GBP/USD: continues to move within its rising channel. In the shorter-term, monitor the hourly horizontal range between the support at 1.6802 and the resistance at 1.6921. Another support stands at 1.6732 (15/05/2014 low), whereas another resistance lies at 1.6996. In the longer term, prices continue to move in a rising channel. A bullish bias remains favoured as long as the support at 1.6661 (15/04/2014 low) holds. However, a major resistance stands at 1.7043 (05/08/2009 high).
USD/JPY: has successfully tested the strong support at 100.76. A break of the resistance area defined by the declining trendline (around 102.09) and 102.36 (13/05/2014 high) is needed to suggest something more than a short-term bounce. Hourly supports can be found at 101.60 (23/05/2014 low) and 101.35. A long-term bullish bias is favoured as long as the key support 99.57 (19/11/2013 low) holds. Monitor the support area provided by the 200 day moving average (around 101.26) and 100.76 (04/02/2014 low). A major resistance stands at 110.66 (15/08/2008 high).
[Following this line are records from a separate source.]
(* For each $n\ge1$, the map $\eta\circ\iota$ is a bijection between $\mathcal{T}_n$ (the set of triangles, up to similarity, having exact pedal period $n$) and $\mathcal{W}_n$ (the set of primitive two-dimensional words of dimension $2\times n$ over $\{0,1\}$).
   Context: Let $\Sigma=\{0,1\}$, $\Gamma=\{0,1,2,3\}$. A two-dimensional word of dimension $m\times n$ over $\Sigma$ is a map $\{0,\dots,m-1\}\times\{0,\dots,n-1\}\to\Sigma$; $W^{p\times q}$ is the $pm\times qn$ word with $W^{p\times q}[i,j]=W[i\bmod m,j\bmod n]$; $W$ is periodic if $W=V^{p\times q}$ for nonempty $V$ with $p\ge2$ or $q\ge2$, primitive otherwise. $\mathcal{W}_n$ is the set of primitive $2\times n$ words over $\Sigma$. $\eta$ sends $0\mapsto\begin{bmatrix}0\\1\end{bmatrix}$, $1\mapsto\begin{bmatrix}0\\0\end{bmatrix}$, $2\mapsto\begin{bmatrix}1\\1\end{bmatrix}$, $3\mapsto\begin{bmatrix}1\\0\end{bmatrix}$, extended to $w=w_0\cdots w_{n-1}\in\Gamma^n$ by letting the $j$th column of $\eta(w)$ be $\eta(w_j)$. Triangles up to similarity are sorted normalized angle triples in $C=\{(a,b,c)\in\mathbb{R}^3: a\ge b\ge c>0,\ a+b+c=1\}$ (angles $a\pi,b\pi,c\pi$); $C^*=\{(a,b,c)\in C: a\ne1/2\}$. Regions of $C^*$: $R_0=\{a<1/2\}$, $R_1=\{2a-1\ge2b,\ a>1/2\}$, $R_2=\{2b>2a-1\ge2c,\ a>1/2\}$, $R_3=\{2c>2a-1,\ a>1/2\}$. Sorted pedal map $P:C^*\to C$: $P(a,b,c)=(1-2c,1-2b,1-2a)$ on $R_0$, $(2a-1,2b,2c)$ on $R_1$, $(2b,2a-1,2c)$ on $R_2$, $(2b,2c,2a-1)$ on $R_3$. $\mathcal{T}_n=\{p\in C: P^j(p)\text{ defined for }0\le j<n,\ P^n(p)=p,\ P^d(p)\ne p\text{ for }1\le d<n\}$. The itinerary $\iota(p)=w_0\cdots w_{n-1}\in\Gamma^n$ of $p\in\mathcal{T}_n$ is defined by $P^j(p)\in R_{w_j}$ for $0\le j<n$. *)

From mathcomp Require Import all_boot all_order all_algebra.
From mathcomp Require Import reals.
Set Implicit Arguments. Unset Strict Implicit. Unset Printing Implicit Defensive.
Import Order.TTheory GRing.Theory Num.Theory.
Local Open Scope ring_scope.

Section Pedal.
Variable R : realType.

(* A (normalized) angle triple (a,b,c). *)
Definition triple := (R * R * R)%type.

Definition ta (x : triple) : R := x.1.1.
Definition tb (x : triple) : R := x.1.2.
Definition tc (x : triple) : R := x.2.

Definition inC (x : triple) : bool :=
  [&& tb x <= ta x, tc x <= tb x, 0 < tc x & ta x + tb x + tc x == 1].

Definition inCstar (x : triple) : bool := inC x && (ta x != 2^-1).

Definition inR0 (x : triple) : bool := inCstar x && (ta x < 2^-1).
Definition inR1 (x : triple) : bool :=
  [&& inCstar x, 2 * ta x - 1 >= 2 * tb x & ta x > 2^-1].
Definition inR2 (x : triple) : bool :=
  [&& inCstar x, 2 * tb x > 2 * ta x - 1, 2 * ta x - 1 >= 2 * tc x & ta x > 2^-1].
Definition inR3 (x : triple) : bool :=
  [&& inCstar x, 2 * tc x > 2 * ta x - 1 & ta x > 2^-1].

Definition inRegion (k : nat) (x : triple) : bool :=
  match k with
  | 0 => inR0 x | 1 => inR1 x | 2 => inR2 x | 3 => inR3 x | _ => false
  end.

(* Sorted pedal map P : Cstar -> C, extended arbitrarily (identity) outside Cstar. *)
Definition pedal (x : triple) : triple :=
  let a := ta x in let b := tb x in let c := tc x in
  if inR0 x then (1 - 2 * c, 1 - 2 * b, 1 - 2 * a)
  else if inR1 x then (2 * a - 1, 2 * b, 2 * c)
  else if inR2 x then (2 * b, 2 * a - 1, 2 * c)
  else if inR3 x then (2 * b, 2 * c, 2 * a - 1)
  else x.

Definition inT (n : nat) (p : triple) : Prop :=
  [/\ inC p,
      (forall j, (j < n)%N -> inCstar (iter j pedal p)),
      iter n pedal p = p
    & (forall d, (1 <= d)%N -> (d < n)%N -> iter d pedal p <> p)].

Definition regionOf (x : triple) : nat :=
  if inR0 x then 0 else if inR1 x then 1 else if inR2 x then 2 else 3.

Definition itinerary (n : nat) (p : triple) : 'I_n -> nat :=
  fun j => regionOf (iter j pedal p).

End Pedal.

(* eta : Gamma -> columns; Sigma = {0,1} encoded by bool (false = 0, true = 1).
   row 0 = top entry, row 1 = bottom entry. *)
Definition eta_col (g : nat) (i : 'I_2) : bool :=
  match g, nat_of_ord i with
  | 0, 0 => false | 0, _ => true
  | 1, 0 => false | 1, _ => false
  | 2, 0 => true  | 2, _ => true
  | _, 0 => true  | _, _ => false
  end.

Definition eta (n : nat) (w : 'I_n -> nat) : 'M[bool]_(2, n) :=
  \matrix_(i < 2, j < n) eta_col (w j) i.

Definition periodic (m n : nat) (W : 'M[bool]_(m, n)) : Prop :=
  exists (m' n' p q : nat) (V : 'M[bool]_(m'.+1, n'.+1)),
    [/\ (p * m'.+1 = m)%N, (q * n'.+1 = n)%N, (2 <= p)%N || (2 <= q)%N
      & forall (i : 'I_m) (j : 'I_n),
          W i j = V (inord (i %% m'.+1)) (inord (j %% n'.+1))].

Definition primitive (m n : nat) (W : 'M[bool]_(m, n)) : Prop := ~ periodic W.

Arguments itinerary {R} n p _.

(* On each region [R_k] the sorted pedal map is affine, with linear part [+-2] times a
   permutation of the coordinates.  Two periodic points with the same itinerary are therefore
   both fixed by one affine map expanding by [2 ^ n], so they coincide.  Conversely the inverse
   branches along a periodic itinerary compose to a contraction of the closed triangle; since
   every permutation of three letters has order dividing 6, its fixed point is obtained by
   linear algebra.  This fixed point starts an orbit with the prescribed itinerary as soon as it
   avoids the boundaries between regions, which holds when the word visits [R_0] or [R_3],
   i.e. when its two rows differ.  Primitivity rules out exactly the two remaining cases: equal
   rows (an orbit in [R_1] and [R_2], where the smallest angle doubles at each step, cannot be
   periodic) and a proper column period (which would give a shorter period). *)

From mathcomp Require Import all_boot all_order all_algebra all_fingroup cyclic.
From mathcomp Require Import reals lra zify ring.
Set Implicit Arguments. Unset Strict Implicit. Unset Printing Implicit Defensive.
Import Order.TTheory GRing.Theory Num.Theory.

Lemma iter_mod (T : Type) (f : T -> T) x n m :
  iter n f x = x -> iter m f x = iter (m %% n) f x.
Proof.
move=> fx; rewrite {1}(divn_eq m n) addnC iterD; congr (iter _ _ _).
by elim: (m %/ n) => [|k IH]; rewrite ?mul0n // mulSn iterD IH fx.
Qed.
USD/CHF: has thus far failed to make a decisive daily close above the resistance at 0.8953. However, a bullish bias is favoured as long as the support at 0.8883 (15/05/2014 low) holds. Another resistance lies at 0.9038 (12/02/2014 high), whereas an initial support can be found at 0.8924 (22/05/2014 low). From a longer term perspective, the structure present since 0.9972 (24/07/2012) is seen as a large corrective phase. A decisive break of the key resistance at 0.8953 is needed to validate a bullish reversal pattern (see potential double-bottom formation).